This article mainly introduces how to implement url encoding for converting Chinese characters in python, and analyzes the skills related to the conversion of gbk and UTF-8 encoding for Chinese characters in combination with examples, which has some reference value, for more information about how to convert Chinese characters into url encoding, see the example in this article. We will share this with you for your reference. The details are as follows:
Today, I want to deal with Baidu posts. If you want to create a keyword list, you can directly add it to the list whenever you need it. However, the url is encoded as '% E4 % B8 % BD % E6 % B1 % 9f' when Chinese characters are added to the list (for example, 'lijiang ', therefore, a conversion is required. Here we use the urllib module.
>>> Import urllib >>> data = 'lijiang '>>> print data Lijiang >>> data \ xe4 \ xb8 \ xbd \ xe6 \ xb1 \ x9f' >>> urllib. quote (data) '% E4 % B8 % BD % E6 % B1 % 9f'
So we want to go back?
>>> Urllib. unquote ('% E4 % B8 % BD % E6 % B1 % 9f')' \ xe4 \ xb8 \ xbd \ xe6 \ xb1 \ x9f'> print urllib. unquote ('% E4 % B8 % BD % E6 % B1 % 9f') Lijiang
Students will find that % C0 % F6 % BD % AD appears in the post bar url, not '% E4 % B8 % BD % E6 % B1 % 9f ', it is actually a coding problem.

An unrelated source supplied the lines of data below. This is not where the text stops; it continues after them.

Section ThreeStage.
Variables (s K : nat).
Variable M : 'I_s -> seq nat.          (* group j : moduli M_{j,0} < ... < M_{j,L_j - 1} *)
Variable T : 'I_K -> {set 'I_s}.
Variable rt : 'I_s -> nat -> int.
Variable k1 : 'I_s -> nat.
Variable k2 : 'I_K -> nat.
Variable k3 : nat.
Variable tsel : 'I_s -> 'I_K.          (* for each j, a t with j \in T_t *)

Definition L (j : 'I_s) : nat := size (M j).
Definition Mji (j : 'I_s) (i : nat) : nat := nth 0%N (M j) i.
Definition delta (j : 'I_s) : nat := \big[lcmn/1%N]_(m <- M j) m.
Definition xi (t : 'I_K) : nat := \big[lcmn/1%N]_(j in T t) delta j.
Definition Tl (t : 'I_K) : seq 'I_s := enum (T t).
Definition deltas (t : 'I_K) : seq nat := [seq delta j | j <- Tl t].
Definition xis : seq nat := [seq xi t | t <- enum 'I_K].

Definition stage1 (j : 'I_s) : option (seq int) :=
  if (2 <= L j)%N then algA (M j) [seq rt j i | i <- iota 0 (L j)] (k1 j)
  else Some [:: 0].
Definition Khat (j : 'I_s) (i : nat) : int := nth 0 (odflt [::] (stage1 j)) i.
Definition Nhat1 (j : 'I_s) : int :=
  rnd (((L j)%:R^-1 * \sum_(i < L j) (Khat j i * (Mji j i)%:Z + rt j i)%:~R) : rat).

Definition stage2 (t : 'I_K) : option (seq int) :=
  if (2 <= size (Tl t))%N then algA (deltas t) [seq Nhat1 j | j <- Tl t] (k2 t)
  else Some [:: 0].
Definition Hhat (t : 'I_K) (j : 'I_s) : int :=
  nth 0 (odflt [::] (stage2 t)) (index j (Tl t)).
Definition Phat (t : 'I_K) : int :=
  rnd (((#|T t|)%:R^-1 * \sum_(j in T t) (Hhat t j * (delta j)%:Z + Nhat1 j)%:~R) : rat).

Definition stage3 : option (seq int) :=
  algA xis [seq Phat t | t <- enum 'I_K] k3.
Definition lhat (t : 'I_K) : int := nth 0 (odflt [::] stage3) (index t (enum 'I_K)).

Definition three_stage_ok : bool :=
  [forall j, stage1 j != None] && [forall t, stage2 t != None] && (stage3 != None).

(* Output \hat n_{j,i}  (the divisions xi_t / M_{j,i}, delta_j / M_{j,i} are exact) *)
Definition nhat (j : 'I_s) (i : nat) : int :=
  lhat (tsel j) * (xi (tsel j) %/ Mji j i)%:Z + Hhat (tsel j) j * (delta j %/ Mji j i)%:Z
  + Khat j i.

Definition Nhat : int :=
  rnd (((\sum_(j : 'I_s) L j)%:R^-1 *
        \sum_(j : 'I_s) \sum_(i < L j) (nhat j i * (Mji j i)%:Z + rt j i)%:~R) : rat).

Baidu is gbk, and other general websites such as google are utf8. Therefore, you can use the following statements.
>>> Import sys, urllib >>> s = 'lijiang '>>> urllib. quote (s. decode (sys. stdin. encoding ). encode ('gbk') '% C0 % F6 % BD % ad' >>> urllib. quote (s. decode (sys. stdin. encoding ). encode ('utf8') '% E4 % B8 % BD % E6 % B1 % 9f' >>>
For more articles about how to implement url encoding for Chinese conversion in python, refer to the PHP Chinese website!